TASK INPUT →
(* Let $a,k,d,e$ be integers with $0\le a\le k$, $1\le d\le k$, and $e=d$ or $2e=d$. Then for all integers $m,n\ge0$, $${}_d\overline{b}_{dk+e,\,da+d}(m,n)-{}_d\overline{b}_{dk+e,\,da}(m,n)={}_db_{dk+e,\,dk-da+e}(m-da,\,n-m).$$
   Context: Partitions are finite non-increasing sequences of positive integers; $\phi_i$ is the number of occurrences of $i$ as a part. For an integer $N$ and integers $m,n$, ${}_db_{dk+e,N}(m,n)$ is the number of partitions of $n$ into exactly $m$ parts with $\phi_i+\phi_{i+1}<dk+e$ for all $i\ge1$, $\phi_1<N$, and $d\mid\phi_{2i}$ for all $i\ge1$; ${}_d\overline{b}_{dk+e,N}(m,n)$ is the number of partitions of $n$ into exactly $m$ parts with $\phi_i+\phi_{i+1}<dk+e$ for all $i\ge1$, $\phi_1<N$, and $d\mid\phi_{2i+1}$ for all $i\ge0$. Both counts are $0$ when $m<0$ or $n<0$. *)

From HB Require Import structures.
From mathcomp Require Import all_boot all_order all_algebra.
Set Implicit Arguments. Unset Strict Implicit. Unset Printing Implicit Defensive.

(* A partition of n is encoded by its multiplicity vector
   f : {ffun 'I_n -> 'I_n.+1}, where f j is the multiplicity phi_(j+1)
   of the part j+1 (every part is <= n and every multiplicity is <= n,
   so this encoding is a bijection onto the partitions of n). *)
Definition mult (n : nat) (f : {ffun 'I_n -> 'I_n.+1}) (i : nat) : nat :=
  if i is i'.+1 then
    (if insub i' is Some j then nat_of_ord (f j) else 0)
  else 0.

(* The conditions shared by both families: f is a partition of n into
   exactly m parts, phi_i + phi_(i+1) < K for all i >= 1, phi_1 < N.
   (For i > n+1 both multiplicities vanish, so checking i <= n+1 suffices
   -- together with K > 0 encoded by i = n+1.) *)
Definition base_cond (K N m n : nat) (f : {ffun 'I_n -> 'I_n.+1}) : bool :=
  [&& \sum_(1 <= i < n.+1) i * mult f i == n,
      \sum_(1 <= i < n.+1) mult f i == m,
      [forall i : 'I_n.+2, (1 <= i) ==> (mult f i + mult f i.+1 < K)]
    & mult f 1 < N].

Definition even_div (d n : nat) (f : {ffun 'I_n -> 'I_n.+1}) : bool :=
  [forall i : 'I_n.+1, (1 <= i) ==> (d %| mult f (2 * i))].

Definition odd_div (d n : nat) (f : {ffun 'I_n -> 'I_n.+1}) : bool :=
  [forall i : 'I_n.+1, d %| mult f (2 * i).+1].

(* {}_d b_{K,N}(m,n), with m n integers; 0 if m < 0 or n < 0 *)
Definition b_count (d K N : nat) (m n : int) : nat :=
  match m, n with
  | Posz m', Posz n' =>
      #|[pred f : {ffun 'I_n' -> 'I_n'.+1} | base_cond K N m' f && even_div d f]|
  | _, _ => 0
  end.

Definition bbar_count (d K N : nat) (m n : int) : nat :=
  match m, n with
  | Posz m', Posz n' =>
      #|[pred f : {ffun 'I_n' -> 'I_n'.+1} | base_cond K N m' f && odd_div d f]|
  | _, _ => 0
  end.

From HB Require Import structures.
From mathcomp Require Import all_boot all_order all_algebra.
From mathcomp Require Import zify.
Import GRing.Theory Num.Theory.
Set Implicit Arguments. Unset Strict Implicit. Unset Printing Implicit Defensive.

(* Write da = d * a and K = d * k + e.  A partition counted by
   bbar_{K, da + d} but not by bbar_{K, da} satisfies da <= phi_1 < da + d
   and d | phi_1, hence phi_1 = da.  Removing these da ones and lowering
   every other part by one (phi'_j = phi_(j+1)) yields a partition of n - m
   into m - da parts: the difference condition at i = 1 becomes
   phi'_1 < K - da, the ones at i >= 2 become phi'_j + phi'_(j+1) < K, and
   d | phi_(2i+1) (i >= 1) becomes d | phi'_(2i).  This is a bijection onto
   the partitions counted by b_{K, K - da}(m - da, n - m); when m < da or
   n < m both sides are 0. *)

Arguments mult : simpl never.

Section Multiplicities.

Variable n : nat.
Implicit Types (f g : {ffun 'I_n -> 'I_n.+1}) (F : nat -> nat).

Lemma multE f (j : 'I_n) : mult f j.+1 = f j.
Proof.
rewrite /mult; case: insubP => [j' _ j'E | j_ge]; last by rewrite ltn_ord in j_ge.
by congr (nat_of_ord (f _)); apply: val_inj.
Qed.

Lemma mult_out f i : n < i -> mult f i = 0.
Proof.
case: i => // i lt_ni; rewrite /mult; case: insubP => // j _ jE.
by move: (ltn_ord j); rewrite jE ltnNge -ltnS lt_ni.
Qed.
(* Let $G$ be a connected graph on an odd number $n\geq 3$ of vertices. If there is a vertex $v\in V(G)$ such that each distance set $N_i(v)$, $i=1,\dots,\epsilon(v)$, is an independent set, then $q(G)\geq 3$.
   Context: For a graph $G$ on $n$ vertices, $\mathcal{S}(G)$ is the set of real symmetric $n\times n$ matrices $A=[a_{ij}]$ with $a_{ij}\neq0$ for $i\ne j$ iff $\{i,j\}\in E(G)$ (diagonal unrestricted); $q(G)$ is the minimum number of distinct eigenvalues of a matrix in $\mathcal{S}(G)$. $N_i(v)$ is the set of vertices at distance exactly $i$ from $v$, and $\epsilon(v)$ is the maximum distance from $v$ to a vertex of $G$. *)

From HB Require Import structures.
From mathcomp Require Import all_boot all_order all_algebra.
From mathcomp Require Import reals.
Set Implicit Arguments. Unset Strict Implicit. Unset Printing Implicit Defensive.
Import Order.TTheory GRing.Theory Num.Theory.

Section Graphs.
Variable n : nat.
Implicit Types (e : rel 'I_n) (u v w : 'I_n).

Definition simple_graph e := symmetric e /\ irreflexive e.

Definition walk_len e u w k : bool :=
  [exists p : k.-tuple 'I_n, path e u p && (last u p == w)].

Definition connected_graph e := forall u w, connect e u w.

(* graph distance: least k < n with a walk of length k (n if unreachable) *)
Definition gdist e u w : nat := find (walk_len e u w) (iota 0 n).

Definition dist_set e v (i : nat) : {set 'I_n} := [set w | gdist e v w == i].

Definition ecc e v : nat := \max_(w : 'I_n) gdist e v w.

Definition independent e (S : {set 'I_n}) :=
  forall x y, x \in S -> y \in S -> ~~ e x y.

End Graphs.

Local Open Scope ring_scope.

Definition in_SG (R : realType) (n : nat) (e : rel 'I_n) (A : 'M[R]_n) :=
  A^T = A /\ forall i j : 'I_n, i != j -> (A i j != 0) = e i j.

(* q(G) >= k: every matrix in S(G) has at least k distinct eigenvalues;
   the (finite) set of eigenvalues of A is listed without repetition by s *)
Definition q_at_least (R : realType) (n : nat) (e : rel 'I_n) (k : nat) :=
  forall A : 'M[R]_n, in_SG e A ->
  forall s : seq R, uniq s -> (forall a, eigenvalue A a = (a \in s)) ->
  (k <= size s)%N.

From HB Require Import structures.
From mathcomp Require Import all_boot all_order all_algebra.
From mathcomp Require Import reals complex ring.
Set Implicit Arguments. Unset Strict Implicit. Unset Printing Implicit Defensive.
Import Order.TTheory GRing.Theory Num.Theory.

(* If A in S(G) has at most two eigenvalues a, b, then (A - a)(A - b) = 0, so
   B = 2A - (a + b) is symmetric with the off-diagonal pattern of G and B^2 = k
   is scalar.  The parity of the distance to v gives signs sg with
   sg y = - sg x on every edge, because the distance sets are independent;
   let S = diag(sg).  Then BS + SB is diagonal and commutes with B, so
   sg x * B x x is constant along edges, equal to some t, and BS + SB = 2t.
   Hence M = B - tS anticommutes with S and M^2 = k - t^2, which gives
   (k - t^2) tr S = 0.  As n is odd, tr S <> 0, so M^2 = 0, M = 0 by symmetry,
   and B is diagonal: G has no edge, which is absurd. *)

Section GraphDistance.
Variables (n : nat) (e : rel 'I_n).

Lemma walk_len0 u w : walk_len e u w 0 -> u = w.
Proof. by case/existsP => p /andP[_]; rewrite tuple0 /= => /eqP. Qed.

Lemma walk_len_rcons u x y k : walk_len e u x k -> e x y -> walk_len e u y k.+1.
Proof.
case/existsP => p /andP[pp /eqP lp] exy; apply/existsP.
have sz : size (rcons p y) == k.+1 by rewrite size_rcons size_tuple.
by exists (Tuple sz); rewrite /= rcons_path pp lp exy last_rcons /=.
Qed.

Lemma connect_walk_len u w : connect e u w -> exists2 k, k < n & walk_len e u w k.
Proof.
case/connectP => p pp ->; case: (shortenP pp) => p' pp' up' _.
exists (size p').
  by have := max_card (mem (u :: p')); rewrite card_ord (card_uniqP up').
by apply/existsP; exists (in_tuple p'); rewrite /= pp' eqxx.
Qed.

Lemma connected_has_edge : connected_graph e -> (1 < n)%N -> exists x y, e x y.
Proof.
move=> conn n_gt1; pose x0 := Ordinal (ltnW n_gt1); pose x1 := Ordinal n_gt1.
have /connectP[[|z p] /=] := conn x0 x1; first by move=> _ /(congr1 val).
by case/andP => x0z _ _; exists x0, z.
Qed.

Hypothesis e_connected : connected_graph e.

Lemma has_walk_len u w : has (walk_len e u w) (iota 0 n).
Proof.
have [k kn wk] := connect_walk_len (e_connected u w); apply/hasP; exists k => //.
by rewrite mem_iota add0n kn.
Qed.

Lemma gdist_lt u w : (gdist e u w < n)%N.
Proof. by have := has_walk_len u w; rewrite has_find size_iota. Qed.

Lemma walk_len_gdist u w : walk_len e u w (gdist e u w).
Proof. by have := nth_find 0 (has_walk_len u w); rewrite nth_iota ?add0n ?gdist_lt. Qed.

Lemma gdist_min u w k : (k < n)%N -> walk_len e u w k -> (gdist e u w <= k)%N.
Proof.
move=> kn wk; rewrite leqNgt; apply/negP => /(before_find 0).
by rewrite nth_iota // add0n wk.
Qed.

Lemma gdist_edge u x y : e x y -> (gdist e u y <= (gdist e u x).+1)%N.
Proof.
move=> exy; have [h|h] := ltnP (gdist e u x).+1 n.
  exact/(gdist_min h)/(walk_len_rcons (walk_len_gdist u x) exy).
exact: leq_trans (ltnW (gdist_lt u y)) h.
Qed.

Lemma gdist_eq0 u w : gdist e u w = 0%N -> u = w.
Proof. by move=> h; apply: walk_len0; rewrite -h walk_len_gdist. Qed.

Lemma odd_gdist_edge v x y : simple_graph e ->
  (forall i, (1 <= i <= ecc e v)%N -> independent e (dist_set e v i)) ->
  e x y -> odd (gdist e v y) = ~~ odd (gdist e v x).
Proof.
move=> [esym eirr] Nindep exy.
have le_yx := gdist_edge v exy; have le_xy : (gdist e v x <= (gdist e v y).+1)%N.
  by apply: gdist_edge; rewrite esym.
case: (ltngtP (gdist e v x) (gdist e v y)) => [lt_xy|lt_yx|eq_xy].
- by have /eqP-> : gdist e v y == (gdist e v x).+1 by rewrite eqn_leq le_yx lt_xy.
- have /eqP-> : gdist e v x == (gdist e v y).+1 by rewrite eqn_leq le_xy lt_yx.
  by rewrite /= negbK.
- exfalso; have [dx0|dx_gt0] := posnP (gdist e v x).
    have vx := gdist_eq0 dx0; have vy : v = y by apply: gdist_eq0; rewrite -eq_xy.
    by move: exy; rewrite -vx -vy eirr.
  have /Nindep/(_ x y) : (1 <= gdist e v x <= ecc e v)%N.
    by rewrite dx_gt0 (leq_bigmax (F := gdist e v)).
  by rewrite !inE -eq_xy eqxx exy => /(_ isT isT).
Qed.

End GraphDistance.

Local Open Scope ring_scope.

Lemma sum_signr_neq0 (R : numDomainType) (T : finType) (g : T -> nat) :
  odd #|T| -> \sum_(x : T) (-1) ^+ g x != 0 :> R.
Proof.
move=> oddT.
have signE x : (-1) ^+ g x = 1 - (odd (g x))%:R *+ 2 :> R.
  rewrite -signr_odd; case: odd => /=; rewrite ?mul0rn ?subr0 //.
  by rewrite mulr1n mulr2n opprD addrA subrr add0r.
rewrite (eq_bigr _ (fun x _ => signE x)) sumrB sumr_const sumrMnl -natr_sum.
rewrite -mulrnA subr_eq0 eqr_nat; apply: contraTneq oddT => ->.
by rewrite oddM andbF.
Qed.

Lemma sym_mulmx_self_eq0 (R : realDomainType) n (M : 'M[R]_n) :
  M^T = M -> M *m M = 0 -> M = 0.
Proof.
move=> Msym MM0; apply/matrixP => x y; rewrite mxE; apply/eqP; rewrite -sqrf_eq0.
have /matrixP/(_ x x) := MM0; rewrite !mxE => /eqP.
rewrite (eq_bigr (fun j => M x j ^+ 2)) => [|j _]; last by rewrite -{2}Msym mxE expr2.
rewrite psumr_eq0 => [/allP/(_ y (mem_index_enum y))/implyP/(_ isT)//|j _].
exact: sqr_ge0.
Qed.

Lemma comm_diag_mx_support (R : idomainType) n (A : 'M[R]_n) (d : 'rV[R]_n) x y :
  A *m diag_mx d = diag_mx d *m A -> A x y != 0 -> d 0 x = d 0 y.
Proof.
move=> /matrixP/(_ x y); rewrite mul_mx_diag mul_diag_mx !mxE [d 0 x * _]mulrC.
by move=> /mulfI Axy /Axy.
Qed.

Lemma anticomm_sqr_scalar_trace (R : comPzRingType) n (M S : 'M[R]_n) c :
  M *m S + S *m M = 0 -> M *m M = c%:M -> (c * \tr S) *+ 2 = 0.
Proof.
move=> /eqP; rewrite addr_eq0 => /eqP SM MM.
have trSMM : \tr (S *m (M *m M)) = c * \tr S by rewrite MM mul_mx_scalar mxtraceZ.
have : \tr (S *m M *m M) = - \tr (S *m M *m M).
  by rewrite {1}mxtrace_mulC mulmxA SM mulNmx raddfN.
by rewrite -mulmxA trSMM mulr2n => /eqP; rewrite -addr_eq0 => /eqP.
Qed.

Lemma quadratic_annihilator_shift (R : comPzRingType) n (A : 'M[R]_n) a b :
  (A - a%:M) *m (A - b%:M) = 0 ->
  (A *+ 2 - (a + b)%:M) *m (A *+ 2 - (a + b)%:M) = ((a - b) ^+ 2)%:M.
Proof.
rewrite !mulmxE; set X := A - a%:M; set Y := A - b%:M => XY.
have YE : Y = X - (b - a)%:M by rewrite /X /Y raddfB opprB addrA subrK.
have YX : Y * X = 0.
  by rewrite {1}YE mulrBl -mulmxE -scalar_mxC mulmxE -mulrBr -YE.
rewrite (_ : A *+ 2 - _ = X + Y); last by rewrite /X /Y raddfD addrACA mulr2n opprD.
rewrite (_ : ((a - b) ^+ 2)%:M = (X - Y) * (X - Y)); last first.
  by rewrite YE opprB [X + _]addrC subrK -mulmxE -scalar_mxM -expr2 -sqrrN opprB.
clearbody X Y.
by rewrite !(mulrDl, mulrDr, mulrN, mulNr, opprK) XY YX !oppr0.
Qed.

Lemma conj_diag_quadratic_annihilator (F : fieldType) n (P : 'M[F]_n) (d : 'rV_n) a b :
  P \in unitmx -> (forall j, d 0 j = a \/ d 0 j = b) ->
  let A := invmx P *m diag_mx d *m P in (A - a%:M) *m (A - b%:M) = 0.
Proof.
move=> Pu dab A.
have conj_shift c : A - c%:M = invmx P *m diag_mx (d - const_mx c) *m P.
  rewrite linearB /= diag_const_mx mulmxBr mulmxBl mul_mx_scalar -scalemxAl.
  by rewrite mulVmx // scalemx1.
rewrite !conj_shift -!mulmxA [P *m _]mulmxA mulmxV // mul1mx.
rewrite [X in invmx P *m X]mulmxA (_ : diag_mx _ *m diag_mx _ = 0) ?mul0mx ?mulmx0 //.
apply/matrixP => i j; rewrite mul_diag_mx !mxE.
by have [->|->] := dab i; rewrite subrr ?mul0r // mul0rn mulr0.
Qed.

Section RealSymmetric.
Variable R : rcfType.
Local Notation C := (R[i]).

Lemma realsym_diagonalization n (A : 'M[R]_n) : A^T = A ->
  exists P, exists d : 'rV[C]_n, [/\ P \in unitmx,
    map_mx (real_complex R) A = invmx P *m diag_mx d *m P &
    forall j, exists2 r, eigenvalue A r & d 0 j = real_complex R r].
Proof.
move=> Asym; set Ac := map_mx (real_complex R) A.
have Areal : Ac \is a realmx by apply/mxOverP => i j; rewrite mxE complex_real.
have Asy : Ac \is symmetricmx.
  by apply/is_hermitianmxP; rewrite expr0 scale1r map_mx_id // /Ac map_trmx Asym.
have Aherm := realsym_hermsym Asy Areal.
have /orthomx_spectralP Aeq := hermitian_normalmx Aherm.
have Pu := spectral_unit Ac; have dreal := hermitian_spectral_diag_real Aherm.
move: Aeq Pu dreal; set P := spectralmx Ac; set D := spectral_diag Ac => Aeq Pu dreal.
exists P, D; split => // j.
have /complex_realP [r dr] := mxOverP dreal 0 j.
suff : eigenvalue Ac (D 0 j) by rewrite dr eigenvalue_map => Ar; exists r.
apply/eigenvalueP; exists (delta_mx 0 j *m P).
  rewrite [in LHS]Aeq !mulmxA mulmxK // mul_mx_diag scalemxAl; congr (_ *m _).
  apply/matrixP => i k; rewrite !mxE ord1 eqxx /=.
  by case: eqP => [->|_]; rewrite ?mulr1 ?mul1r ?mulr0 ?mul0r.
rewrite mulmx_free_eq0 ?row_free_unit //; apply/eqP => /matrixP/(_ 0 j).
by rewrite !mxE !eqxx => /eqP; rewrite oner_eq0.
Qed.

Lemma realsym_two_eigenvalues_annihilator n (A : 'M[R]_n) (s : seq R) :
  A^T = A -> (forall a, eigenvalue A a -> a \in s) -> (size s <= 2)%N ->
  exists a b, (A - a%:M) *m (A - b%:M) = 0.
Proof.
move=> Asym As s_le2.
have [a [b sab]] : exists a b, forall r, r \in s -> r = a \/ r = b.
  case: s s_le2 {As} => [|a [|b []]] // _.
  - by exists 0, 0.
  - by exists a, a => r; rewrite inE => /eqP; left.
  - by exists a, b => r; rewrite !inE => /orP[] /eqP; [left | right].
have [P [d [Pu Aeq dA]]] := realsym_diagonalization Asym.
exists a, b; apply/eqP; rewrite -(map_mx_eq0 (real_complex R)).
rewrite map_mxM !map_mxB !map_scalar_mx /= Aeq conj_diag_quadratic_annihilator //.
by move=> j; have [r /As/sab[]-> ->] := dA j; [left | right].
Qed.
End RealSymmetric.


Section SignAlternatingSquareRoot.
Variables (R : realDomainType) (n : nat) (e : rel 'I_n).
Variables (sg : 'I_n -> R) (B : 'M[R]_n) (k : R).
Hypotheses (B_sym : B^T = B) (B_pattern : forall x y, x != y -> (B x y != 0) = e x y).
Hypotheses (sg_sign : forall x, sg x ^+ 2 = 1) (sg_alt : forall x y, e x y -> sg y = - sg x).
Hypothesis (B_sqr : B *m B = k%:M).

Let S := diag_mx (\row_x sg x).

Lemma sign_mx_sqr : S *m S = 1%:M.
Proof.
by apply/matrixP => x y; rewrite mul_diag_mx !mxE mulrnAr -expr2 sg_sign.
Qed.

Lemma sign_anticommutator :
  B *m S + S *m B = diag_mx (\row_x (sg x * B x x *+ 2)).
Proof.
apply/matrixP => x y; rewrite mul_mx_diag mul_diag_mx !mxE.
have [<-|xy] := eqVneq x y; first by rewrite mulr1n [B x x * _]mulrC mulr2n.
rewrite mulr0n; have [->|Bxy] := eqVneq (B x y) 0; first by rewrite mul0r mulr0 addr0.
by rewrite (sg_alt (_ : e x y)) -?B_pattern // mulrN mulrC addNr.
Qed.

Lemma sign_anticommutator_comm :
  B *m (B *m S + S *m B) = (B *m S + S *m B) *m B.
Proof. by rewrite mulmxDr mulmxDl !mulmxA B_sqr -!mulmxA B_sqr scalar_mxC addrC. Qed.

Hypothesis e_connected : connected_graph e.

Lemma sign_weighted_diag_const x y : sg x * B x x = sg y * B y y.
Proof.
pose d := \row_z (sg z * B z z *+ 2).
suff /closed_connect/(_ x y (e_connected x y)) :
  closed e [pred z | sg z * B z z == sg x * B x x] by rewrite !inE eqxx => /esym/eqP.
move=> u w euw; have [<-//|uw] := eqVneq u w.
have := comm_diag_mx_support (d := d) _ (_ : B u w != 0).
rewrite -sign_anticommutator sign_anticommutator_comm B_pattern // => /(_ erefl euw).
by rewrite /d !mxE !inE => /eqP; rewrite eqrMn2r /= => /eqP->.
Qed.

Lemma sign_anticommutator_scalar x0 :
  B *m S + S *m B = (sg x0 * B x0 x0 *+ 2)%:M.
Proof.
rewrite sign_anticommutator; apply/matrixP => x y.
by rewrite !mxE (sign_weighted_diag_const x x0).
Qed.

Hypothesis sg_sum : \sum_x sg x != 0.

Lemma sign_alternating_sqrt_scalar x0 : B = (sg x0 * B x0 x0) *: S.
Proof.
set t := sg x0 * B x0 x0; set M := B - t *: S.
have anti : B *m S + S *m B = (t *+ 2)%:M by exact: sign_anticommutator_scalar.
have M_anti : M *m S + S *m M = 0.
  rewrite /M mulmxBl mulmxBr -scalemxAl -scalemxAr sign_mx_sqr addrACA -opprD anti.
  by rewrite scalemx1 -raddfD /= -mulr2n subrr.
have M_sqr : M *m M = (k - t ^+ 2)%:M.
  rewrite /M mulmxBl !mulmxBr -!scalemxAl -!scalemxAr scalerA -expr2 B_sqr sign_mx_sqr.
  rewrite opprB addrACA -opprD -scalerDr anti scalemx1 scale_scalar_mx.
  by rewrite -raddfD -raddfB /=; congr (_%:M); ring.
have k_sqr : k - t ^+ 2 = 0.
  move: (anticomm_sqr_scalar_trace M_anti M_sqr) => /eqP.
  rewrite mulrn_eq0 mulf_eq0 /= mxtrace_diag (eq_bigr sg) => [|x _]; last by rewrite mxE.
  by rewrite (negPf sg_sum) orbF => /eqP.
have M_sym : M^T = M by rewrite /M linearB linearZ /= B_sym tr_diag_mx.
apply/eqP; rewrite -subr_eq0 -/M; apply/eqP/sym_mulmx_self_eq0 => //.
by rewrite M_sqr k_sqr raddf0.
Qed.

End SignAlternatingSquareRoot.

Theorem mainTheorem10 (R : realType) (n : nat) (e : rel 'I_n) :
  simple_graph e -> connected_graph e -> odd n -> (3 <= n)%N ->
  (exists v : 'I_n, forall i : nat, (1 <= i <= ecc e v)%N ->
     independent e (dist_set e v i)) ->
  q_at_least R e 3.
Proof.
move=> e_simple e_conn odd_n n_ge3 [v Nindep] A [A_sym A_pattern] s _ A_eig.
rewrite leqNgt; apply/negP => s_le2.
have A_eig_s r : eigenvalue A r -> r \in s by rewrite A_eig.
have [a [b Aab]] := realsym_two_eigenvalues_annihilator A_sym A_eig_s s_le2.
set B := A *+ 2 - (a + b)%:M.
have B_sym : B^T = B by rewrite /B linearB linearMn /= A_sym tr_scalar_mx.
have B_pattern x y : x != y -> (B x y != 0) = e x y.
  by move=> xy; rewrite !mxE (negPf xy) mulr0n subr0 -mulr2n mulrn_eq0 A_pattern.
pose sg x : R := (-1) ^+ gdist e v x.
have sg_alt x y : e x y -> sg y = - sg x.
  move=> exy; rewrite /sg -signr_odd (odd_gdist_edge e_conn e_simple Nindep exy).
  by rewrite signrN signr_odd.
have sg_sum : \sum_x sg x != 0 by apply: sum_signr_neq0; rewrite card_ord.
have B_diag := sign_alternating_sqrt_scalar B_sym B_pattern (fun x => sqrr_sign _ _) sg_alt
  (quadratic_annihilator_shift Aab) e_conn sg_sum v.
have [x [y exy]] := connected_has_edge e_conn (leq_trans (isT : (1 < 3)%N) n_ge3).
have xy : x != y by apply: contraTneq exy => ->; rewrite e_simple.2.
by move: (B_pattern x y xy); rewrite exy B_diag !mxE (negPf xy) mulr0n mulr0 eqxx.
Qed.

PROBLEM DETAILS → Return each line of the material above that holds the string "ffun".

WRITTEN SOLUTION →
   f : {ffun 'I_n -> 'I_n.+1}, where f j is the multiplicity phi_(j+1)
Definition mult (n : nat) (f : {ffun 'I_n -> 'I_n.+1}) (i : nat) : nat :=
Definition base_cond (K N m n : nat) (f : {ffun 'I_n -> 'I_n.+1}) : bool :=
Definition even_div (d n : nat) (f : {ffun 'I_n -> 'I_n.+1}) : bool :=
Definition odd_div (d n : nat) (f : {ffun 'I_n -> 'I_n.+1}) : bool :=
      #|[pred f : {ffun 'I_n' -> 'I_n'.+1} | base_cond K N m' f && even_div d f]|
      #|[pred f : {ffun 'I_n' -> 'I_n'.+1} | base_cond K N m' f && odd_div d f]|
Implicit Types (f g : {ffun 'I_n -> 'I_n.+1}) (F : nat -> nat).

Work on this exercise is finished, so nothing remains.